Be clear, John is not trying to hide anything.  As he goes on to say in verse 19:14a, "Now it was the day of Preparation for the Passover."  Clearly John sees nothing wrong with telling the story differently from the earlier version by Mark - written about 60 to 70 years before his own.

But why would he do it?  Why would John take the trouble to contradict Mark's timeline?  The answer lies in what happens on the day of Preparation for the Passover.  The lambs are taken to the temple and slaughtered as the sacrifice for the Passover in remembrance of what the Lord had done for the Israelites in Egypt.  John sees the timeline problem with Mark that Jesus the Christian Lamb is slaughtered or crucified on the wrong day and clears up the problem in his gospel by changing the story.

And should this not be the expectation?  Didn't the prophets prepare the people for this all the way back to Isaiah's prophecy of a "suffering servant?"  John is in his mind just making the details fit the bigger truth even if he doesn't' show a very high regard for Mark's gospel.  After all, doesn't Isaiah justify John's editing?  This is where the story of Jesus as the Lamb begins isn't it?

Well if it is then John has a larger problem than a timeline.  Isaiah seems to be talking about something else.  The passage 52:13 to 53:12 is known widely as the "suffering servant" passage.  It is the fourth, last, and longest of the "Servant Songs."  What is its subject?

Most of the early Christian community saw Jesus as the lamb Isaiah writes about.  But it is a far reach, though an understandable one for the young movement of the "People of the Way" on the way to being Christians.  The upstart movement of mostly Jews needed something to persuade others that its new beliefs connected with the enduring Judaic tradition. 

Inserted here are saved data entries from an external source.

Lemma psi_onto_mod_center x : in_g2 x -> exists a, in_center (x - psi a).
Proof.
elim=> [i j w ij w0 | | {}x y _ [a xa] _ [b yb] | {}x y gx [a xa] gy [b yb]].
- have [v [v0 hv vw]] := g2gen_outer ij w0; have [d dv] := outer_nilp v0 hv.
  by exists (basisM (val d)); rewrite psi_basisM dv vw subrr; exact: in_center0.
- by exists 0; rewrite psi0 subrr; exact: in_center0.
- by exists (a + b); rewrite psiD opprD addrACA; exact: in_centerD.
- exists (prodA a b); rewrite psi_prodA.
  have -> : lie x y = lie (psi a) y by rewrite -{1}(subrK (psi a) x) lieDl xa.2 // add0r.
  have -> : lie (psi a) y = lie (psi a) (psi b).
    by rewrite -{1}(subrK (psi b) y) lieDr (lieC _ (y - _)) (yb.2 _ (in_g2_psi a)) add0r.
  by rewrite subrr; exact: in_center0.
Qed.

End Unitary.

End F4.

Theorem lemma5p2 (F : finFieldType) (n : nat) (hF : #|F| = 4%N) (hn : (2 <= n)%N) :
  exists psi : Aalg F n -> 'M[F]_(n.+1),
    (forall a b, psi (a + b) = psi a + psi b) /\
    (forall a, in_g2 (psi a)) /\
    (forall a b, in_center (psi (prodA a b) - lie (psi a) (psi b))) /\
    (forall a, in_center (psi a) <-> radV a) /\
    (forall x, in_g2 x -> exists a, in_center (x - psi a)).
Proof.
exists (@psi F n); split; first exact: (psiD hF).
split; first exact: (in_g2_psi hF).
split; first by move=> a b; rewrite (psi_prodA hF) subrr; exact: in_center0.
split; first by move=> a; split; [exact: (center_radV hF) | exact: (radV_center hF)].
exact: (psi_onto_mod_center hF).
Qed.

Isaiah may not foresee Jesus but gives instead a dispirited Israel in exile hope for their return from exile and the oracle (prophecy) that they who will be redeemed will bring, through Israel, redemption to the other nations.

The "suffering servant" of Chapter 52, verse 13 is Israel, as in context of the chapter is clear.  Israel will not only survive its suffering but also "prosper" and grow "like a root out of dry ground" though "despised and rejected" and "held of no account."  Israel's suffering will serve as atonement for the sins of all the nations by modeling the people of God.

This is probably a new way for you to read Isaiah 53; we are used to hearing quite a different meaning during Advent every year.  But this is the one that does not bear the weight of early Christian propaganda, as well-meaning and necessary as it may have been to sustain the movement.

So if Isaiah does not provide the foundation for our Christian expectation of Jesus as the Lamb of God; if John has twisted round history to make a theological point now under suspicion; is Revelation's claim that the Lion of Judah becomes the Lamb of God a reasonable one?

I think so.  Perhaps not in the way of Christian expectation, but then when has God ever conformed to what mortals expect?  Maybe it should worry us when we are able to anticipate what we get.

The Lion King of Judah seems to often surprise us, and probably as a historical reality at no greater moment than when he became a Lamb, a lamb lying down before his enemies rather than fight or run from them.  He did so not to accomplish some mystical heaven bound leap but to encourage us to follow in a much more earthly way.

The Lamb King, I will call him, lay down because God told him it was the way to fulfill himself and bring redemption to others.  Those who would follow his path to listen for God's voice within their own would escape their exile and find redemption for their own lives.  Quite in a similar way as Isaiah told Israel that their suffering in exile would end and their lives would become paths by which others would end their own suffering.

Hmm!  Maybe Isaiah did prophesy the coming of the Lamb of God as more than Israel rising; maybe he foresees the rising of one who would do for each person what Israel would do for nations.  It is a reach but not as far a reach as the tortured expectations of our Johns, of either gospel or Revelation.

This is how I see it - not what I expected but when doesn't God surprise me.  Amen.